Should we start worrying again? After all, the deficit decade produced none of the catastrophes that many experts predicted. Private investment was not crowded out, inflation didn't reignite, and the dollar didn't collapse. But the U.S. did pay a price. Because of those past deficits, real interest rates were higher and national saving and investment lower than they would otherwise have been, which translated into slower productivity growth and less abundant lives for everyone. If last year's budget act works as advertised, the deficit should soon resume its downward path -- but that is an if of Himalayan proportions. Should the deficit instead stay high, the federal debt's share of GNP will climb to altitudes not seen in decades. The inevitable result: even higher real interest rates and even lower investment. So by all means worry. But don't fret too much about next year's huge numbers. The deficit's size is distorted by the effects of the Gulf war and the S&L bailout (see chart). The war actually reduced the fiscal 1991 deficit by $24 billion, since the U.S. collected more in contributions from its allies than it paid out. In 1992, however, war finances will add an estimated $16.8 billion to the deficit as spending to replace used-up weapons continues while contributions fall. Far larger is the impact of the money spent to shut or sell failed savings and loans. Government bean counters record the expense of making depositors whole only when S&Ls are sold or closed. Because the government has been slow to shed moribund thrifts, those costs in 1991 turned out lower than estimated, which improved the deficit in 1991 and will worsen it in 1992. If all goes well, most big payments to depositors should be finished by the end of 1993. Once that's over, proceeds from additional sales of S&L assets are expected to cut the deficit by tens of billions per year.
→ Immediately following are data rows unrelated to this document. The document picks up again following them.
(* The test p-values and the true test label are functions of finitely many
   score comparisons, so every event they determine is measurable. *)
Lemma measurable_test_pval_invariant (Q : set Om) :
  (forall w w', (forall k c (t : 'I_T.+1), test_pval k c t w = test_pval k c t w') ->
     Cs ord0 w = Cs ord0 w' -> Q w -> Q w') -> measurable Q.
Proof.
move=> invQ.
pose E (l : ((('I_K * 'I_C) * 'I_T.+1) * 'I_n + 'I_C)%type) : set Om :=
  match l with
  | inl (((k, c), t), i) =>
      [set w | s k c (take t (Xs ord0 w)) <=
               s k (Cs (lift ord0 i) w) (take t (Xs (lift ord0 i) w))]
  | inr c => Cs ord0 @^-1` [set c]
  end.
apply: (measurable_of_atoms (E := E)) => [[[[[k c] t] i]|c]|w w' Eww'].
- exact: measurable_score_le.
- exact: mCs.
apply: invQ => [k c t|].
  rewrite /test_pval /pval; congr ((1 + _)%:R / _); apply: eq_card => i.
  rewrite !mem_mkset; have [E1 E2] := Eww' (inl (k, c, t, i)).
  by apply/idP/idP; [exact: E1 | exact: E2].
by have [E1 _] := Eww' (inr (Cs ord0 w)); exact/esym/E1.
Qed.

Lemma measurable_test_pval_true k (t : 'I_T.+1) :
  measurable_fun setT (fun w => test_pval k (Cs ord0 w) t w).
Proof.
move=> _ B mB; rewrite setTI; apply: measurable_test_pval_invariant => w w' eqp eqc.
by rewrite /preimage /= -eqc -eqp.
Qed.

Lemma test_pval_true_superuniform k (t : nat) (a : R) : 0 <= a ->
  (P [set w | test_pval k (Cs ord0 w) t w <= a]%R <= a%:E)%E.
Proof.
move=> a_ge0.
have := conformal_rank_valid iid (h := fun c x => s k c (take t x)) (s_meas k ^~ t) a_ge0.
apply: le_trans; rewrite le_eqVlt; apply/orP; left; apply/eqP; congr (P _).
by apply/seteqP; split => w;
  rewrite /= /test_pval /pval ler_pdivrMr ?ltr0Sn // card_mkset_lift lexx.
Qed.

Lemma merged_test_pval_superuniform F (t : 'I_T.+1) alpha :
  is_pmerging F -> 0 < alpha < 1 ->
  (P [set w | F (fun k => test_pval k (Cs ord0 w) t w) <= alpha]%R <= alpha%:E)%E.
Proof.
move=> pmF alpha01.
apply: (pmF _ _ P (fun k w => test_pval k (Cs ord0 w) t w) _ _ _ alpha alpha01).
- by move=> k; exact: measurable_test_pval_true.
- by move=> k w; exact: pval_in01.
- by move=> k a /andP[a_gt0 _]; apply: test_pval_true_superuniform; exact: ltW.
Qed.

Lemma measurable_spikecp_event F alpha (Ts : {set 'I_T.+1}) Ith
    (Q : 'I_C -> {set 'I_C} -> Prop) :
  measurable [set w | Q (Cs ord0 w) (spikecp_set s F alpha Ts Ith (Xs ord0 w)
                        (fun i => Xs (lift ord0 i) w) (fun i => Cs (lift ord0 i) w))].
Proof.
apply: measurable_test_pval_invariant => w w' eqp eqc.
by rewrite /= -eqc (spikecp_set_ext _ _ _ _ eqp).
Qed.

Lemma spikecp_miss_le F (Ts : {set 'I_T.+1}) Ith alpha :
  is_pmerging F -> ord_max \in Ts -> 0 < alpha < 1 ->
  (P [set w | Cs ord0 w \notin spikecp_set s F alpha Ts Ith (Xs ord0 w)
       (fun i => Xs (lift ord0 i) w) (fun i => Cs (lift ord0 i) w)]
   <= (#|Ts|%:R * alpha)%:E)%E.
Proof.
move=> pmF Ts_max alpha01; set miss := [set w | _].
pose U (t : 'I_T.+1) :=
  [set w | t \in Ts /\ F (fun k => test_pval k (Cs ord0 w) t w) <= alpha].
have mU t : measurable (U t).
  apply: measurable_test_pval_invariant => w w' eqp eqc [tTs Fle]; split => //.
  by rewrite -eqc; under eq_fun do rewrite -eqp.
have cover w : miss w -> exists t, U t w.
  by move=> /(notin_spikecp_set Ts_max) [t tTs Fle]; exists t.
have mmiss : measurable miss.
  exact: (measurable_spikecp_event _ _ _ _ (fun c G => c \notin G)).
apply: le_trans (measure_le_sum_cover P mU mmiss cover) _.
apply: le_trans (_ : \sum_(t < T.+1) (if t \in Ts then alpha%:E else 0) <= _)%E.
  apply: lee_sum => t _; case: ifPn => tTs.
    apply: le_trans (merged_test_pval_superuniform t pmF alpha01).
    rewrite le_eqVlt; apply/orP; left; apply/eqP; congr (P _).
    by apply/seteqP; split => w /=; [case | split].
  rewrite (_ : U t = set0) ?measure0 //; apply/seteqP; split; last exact: sub0set.
  by move=> w [tTs' _]; rewrite tTs' in tTs.
by rewrite -big_mkcond /= sumEFin sumr_const mulr_natl.
Qed.

Lemma spikecp_coverage_ge F (Ts : {set 'I_T.+1}) Ith alpha :
  is_pmerging F -> ord_max \in Ts -> 0 < alpha < 1 ->
  ((1 - #|Ts|%:R * alpha)%:E <=
   P [set w | Cs ord0 w \in spikecp_set s F alpha Ts Ith (Xs ord0 w)
                (fun i => Xs (lift ord0 i) w) (fun i => Cs (lift ord0 i) w)])%E.
Proof.
move=> pmF Ts_max alpha01.
rewrite -[X in (_ <= P X)%E]setCK probability_setC; last first.
  by apply: measurableC; exact: (measurable_spikecp_event _ _ _ _ (fun c G => c \in G)).
rewrite EFinB; apply: leeB => //; apply: le_trans (spikecp_miss_le Ith pmF Ts_max alpha01).
rewrite le_eqVlt; apply/orP; left; apply/eqP; congr (P _).
by apply/seteqP; split => w /negP.
Qed.

End SpikeCPValidity.

Theorem mainTheorem2 (R : realType) (d : measure_display) (Om : measurableType d)
  (P : probability Om R) (dX : measure_display) (X : measurableType dX)
  (T C K n : nat)
  (Xs : 'I_n.+1 -> Om -> T.-tuple X) (Cs : 'I_n.+1 -> Om -> 'I_C)
  (s : 'I_K -> 'I_C -> seq X -> R)
  (F : ('I_K -> R) -> R) (Ts : {set 'I_T.+1}) (ptarg : R) (Ith : nat) :
  iid_pairs P Xs Cs ->
  (forall k c (t : nat), measurable_fun setT (fun x : T.-tuple X => s k c (take t x))) ->
  is_pmerging F ->
  (forall t, t \in Ts -> (0 < (t : nat))%N) ->
  ord_max \in Ts ->
  0 < ptarg < 1 ->
  let alpha := (1 - ptarg) / #|Ts|%:R in
  (ptarg%:E <=
   P [set w | Cs ord0 w \in
        spikecp_set s F alpha Ts Ith (Xs ord0 w)
          (fun i => Xs (lift ord0 i) w) (fun i => Cs (lift ord0 i) w)])%E.
Proof.
move=> iid s_meas pmF _ Ts_max /andP[ptarg_gt0 ptarg_lt1].
cbv zeta; set alpha := (1 - ptarg) / _.
have card_gt0 : 0 < #|Ts|%:R :> R by rewrite ltr0n card_gt0; apply/set0Pn; exists ord_max.
have alpha01 : 0 < alpha < 1.
  rewrite /alpha divr_gt0 ?subr_gt0 //= ltr_pdivrMr // mul1r.
  by apply: lt_le_trans (_ : 1 <= _); [rewrite ltrBlDr ltrDl | rewrite ler1n -(ltr0n R)].
have card_alpha : #|Ts|%:R * alpha = 1 - ptarg by rewrite /alpha mulrC divfK ?gt_eqF.
have := spikecp_coverage_ge iid s_meas Ith pmF Ts_max alpha01.
by rewrite card_alpha subKr.
Qed.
The 1990-91 recession has also swelled the deficit by lowering tax revenues and boosting spending on unemployment insurance and entitlement programs. To measure the underlying impact of federal spending and tax policy on the economy, economists adjust the deficit to net out the effects of the business cycle. By one such measure, the Congressional Budget Office figures that the deficit, net of the war, the S&L costs, and the recession, rose from $145 billion in 1990 to $175 billion in 1991 -- $107 billion less than the official tally.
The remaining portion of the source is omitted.